*What is required*
Produce an exact copy of the lines from the line containing "elim: k => [|k IHk]." through the last line of the entries below, and only those lines.

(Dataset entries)
Lemma card_monomials_on i (F : {set T}) s :
  s <= i -> #|monomials_on i F s| = ncompositions #|F| s.
Proof.
move cardF: #|F| => k; elim: k F s cardF => [|k IHk] F s cardF le_si.
  by rewrite (cards0_eq cardF) card_monomials_on0.
have [x Fx] : exists x, x \in F by apply/set0Pn; rewrite -card_gt0 cardF.
have cardFx : #|F :\ x| = k by move: cardF; rewrite (cardsD1 x F) Fx => -[].
have fiberE (v : 'I_i.+1) : #|[set m in monomials_on i F s | m x == v]| =
    if 0 < v <= s then ncompositions k (s - v) else 0.
  case: ifP => [v_in | v_out].
    by rewrite card_monomials_on_fiber // IHk // (leq_trans (leq_subr _ _) le_si).
  apply/eqP; rewrite cards_eq0; apply/eqP/setP => m; rewrite !inE.
  apply/negbTE; apply: contraFN v_out => /andP[/andP[/eqP sm /eqP sum_m] /eqP <-].
  rewrite -sum_m (bigD1 x) //= leq_addr andbT.
  by have := Fx; rewrite -sm inE.
rewrite -sum1_card (partition_big (fun m : {ffun T -> 'I_i.+1} => m x) xpredT) //=.
under eq_bigr => v _ do rewrite sum1dep_card fiberE.
rewrite big_ord_recl /= add0n (big_ord_widen i (fun v => ncompositions k (s - v.+1)) le_si).
rewrite [RHS]big_mkcond; apply: eq_bigr => v _.
by rewrite /bump leq0n add1n.
Qed.
Lemma standard_monomialE (G : graph T) i (m : {ffun T -> 'I_i.+1}) :
  monomial_deg G m && ~~ in_edge_ideal G m =
  independent G (msupp m) && (\sum_x m x == i).
Proof.
rewrite /monomial_deg /independent.
have -> : [forall x, (x \notin verts G) ==> (m x == ord0)] = (msupp m \subset verts G).
  apply/forallP/subsetP => [m0 x | sub x].
    rewrite inE => mx; apply: contraLR mx => /(implyP (m0 x)).
    by rewrite -val_eqE /= lt0n negbK.
  by apply/implyP; apply: contraR; rewrite -val_eqE /= -lt0n => mx; apply: sub; rewrite inE.
case: (boolP (msupp m \subset verts G)) => [/subsetP sub | _]; last by rewrite andbF.
rewrite andbT /= andbC; congr (_ && _).
have -> : in_edge_ideal G m = [exists x in msupp m, exists y in msupp m, adj G x y].
  apply/existsP/existsP => -[x].
    case/existsP=> y /and5P[xy _ _ mx my]; exists x; rewrite inE mx.
    by apply/existsP; exists y; rewrite inE my.
  rewrite inE => /andP[mx /existsP[y]]; rewrite inE => /andP[my xy].
  by exists x; apply/existsP; exists y; rewrite xy mx my !sub ?inE.
by rewrite negb_exists_in; apply: eq_forallb => x; rewrite negb_exists_in.
Qed.

Lemma hilb_funE (G : graph T) i :
  hilb_fun G i = \sum_(F | independent G F) ncompositions #|F| i.
Proof.
rewrite /hilb_fun -sum1dep_card.
under eq_bigl => m do rewrite standard_monomialE.
rewrite (partition_big (@msupp i) (independent G)) => [|m /andP[] //].
apply: eq_bigr => F indF; rewrite sum1dep_card -(@card_monomials_on i) //.
by apply: eq_card => m; rewrite !inE andbC; case: eqP => //= ->; rewrite indF.
Qed.

End MonomialCount.

(* Power series are compared through their truncations [take_poly N]. *)
Section TruncatedSeries.
Variable R : comNzRingType.
Local Open Scope ring_scope.
Implicit Types p q r : {poly R}.

Lemma take_polyMl_take N r p : take_poly N (r * take_poly N p) = take_poly N (r * p).
Proof.
apply/polyP => i; rewrite !coef_take_poly; case: ifP => // ltiN.
rewrite !coefM; apply: eq_bigr => j _.
by rewrite coef_take_poly (leq_ltn_trans (leq_subr _ _) ltiN).
Qed.

Lemma take_polyMl N r p q :
  take_poly N p = take_poly N q -> take_poly N (r * p) = take_poly N (r * q).
Proof. by move=> Epq; rewrite -take_polyMl_take Epq take_polyMl_take. Qed.

Lemma coef_1subX_exp d j : ((1 - 'X) ^+ d)`_j = (-1) ^+ j * ('C(d, j))%:R :> R.
Proof.
elim: d j => [|d IHd] j.
  rewrite expr0 coefC; case: j => [|j] /=; first by rewrite mul1r.
  by rewrite bin0n mulr0.
rewrite exprS mulrBl mul1r coefB coefXM IHd.
case: j => [|j]; first by rewrite !bin0 subr0.
by rewrite IHd binS natrD exprS mulrDr mulN1r /= !mulNr.
Qed.

Lemma take_poly_1subX_exp_inj (S : nat -> {poly R}) d d' h h' :
  h.[1] != 0 -> h'.[1] != 0 ->
  (forall N, take_poly N h = take_poly N ((1 - 'X) ^+ d * S N)) ->
  (forall N, take_poly N h' = take_poly N ((1 - 'X) ^+ d' * S N)) ->
  d = d' /\ h = h'.
Proof.
wlog le_dd' : d d' h h' / (d <= d')%N => [wlog_le | h1 h1' Eh Eh'].
  move=> h1 h1' Eh Eh'; case: (leqP d d') => [|/ltnW] le.
    exact: wlog_le.
  by have [-> ->] := wlog_le _ _ _ _ le h1' h1 Eh' Eh.
have Eh'h : h' = (1 - 'X) ^+ (d' - d) * h.
  apply/polyP => i; have := congr1 (coefp i) (Eh' i.+1).
  rewrite /= !coef_take_poly ltnSn => ->.
  have := congr1 (coefp i) (take_polyMl ((1 - 'X) ^+ (d' - d)) (Eh i.+1)).
  by rewrite /= !coef_take_poly ltnSn mulrA -exprD subnK.
have dd' : d = d'.
  apply/eqP; rewrite eqn_leq le_dd' /= -subn_eq0; apply: contraNT h1' => dd'.
  by rewrite Eh'h hornerM horner_exp !hornerE subrr expr0n (negbTE dd') mul0r.
by split=> //; rewrite Eh'h dd' subnn mul1r.
Qed.

End TruncatedSeries.

Section CompositionSeries.
Variable R : comNzRingType.
Local Open Scope ring_scope.

Definition comp_series k N : {poly R} := \poly_(i < N) (ncompositions k i)%:R.

Lemma comp_series_succ k N :
  take_poly N ((1 - 'X) * comp_series k.+1 N) = take_poly N ('X * comp_series k N).
Proof.
apply/polyP => -[|i]; rewrite !coef_take_poly; case: ifP => // ltiN;
  rewrite mulrBl mul1r coefB !coefXM !coef_poly ltiN /=.
  by rewrite big_ord0 subr0.
by rewrite (ltnW ltiN) big_ord_recl subSS subn0 natrD addrK.
Qed.

Lemma comp_series_1subX k N :
  take_poly N ((1 - 'X) ^+ k * comp_series k N) = take_poly N ('X ^+ k).
Proof.
elim: k => [|k IHk].
  apply/polyP => i; rewrite !coef_take_poly; case: ifP => // ltiN.
  by rewrite expr0 mul1r coef_poly coefXn ltiN.
rewrite exprSr -mulrA (take_polyMl _ (comp_series_succ k N)) mulrCA exprS.
exact: take_polyMl.
Qed.

End CompositionSeries.

Local Notation family_indep Gf := (family (fun i (F : {set _}) => independent (Gf i) F)).

Section EdgeIdealHPoly.
Variable T : finType.
Implicit Types (G : graph T) (F : {set T}).

Lemma independent0 G : independent G set0.
Proof. by rewrite /independent sub0set; apply/forall_inP => x; rewrite inE. Qed.

Lemma independent_card_le G F : independent G F -> #|F| <= alpha G.
Proof. exact: (leq_bigmax_cond (F := fun F : {set T} => #|F|)). Qed.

*Answer to this problem*
elim: k => [|k IHk].
  apply/polyP => i; rewrite !coef_take_poly; case: ifP => // ltiN.
  by rewrite expr0 mul1r coef_poly coefXn ltiN.
rewrite exprSr -mulrA (take_polyMl _ (comp_series_succ k N)) mulrCA exprS.
exact: take_polyMl.
Qed.

End CompositionSeries.

Local Notation family_indep Gf := (family (fun i (F : {set _}) => independent (Gf i) F)).

Section EdgeIdealHPoly.
Variable T : finType.
Implicit Types (G : graph T) (F : {set T}).

Lemma independent0 G : independent G set0.
Proof. by rewrite /independent sub0set; apply/forall_inP => x; rewrite inE. Qed.

Lemma independent_card_le G F : independent G F -> #|F| <= alpha G.
Proof. exact: (leq_bigmax_cond (F := fun F : {set T} => #|F|)). Qed.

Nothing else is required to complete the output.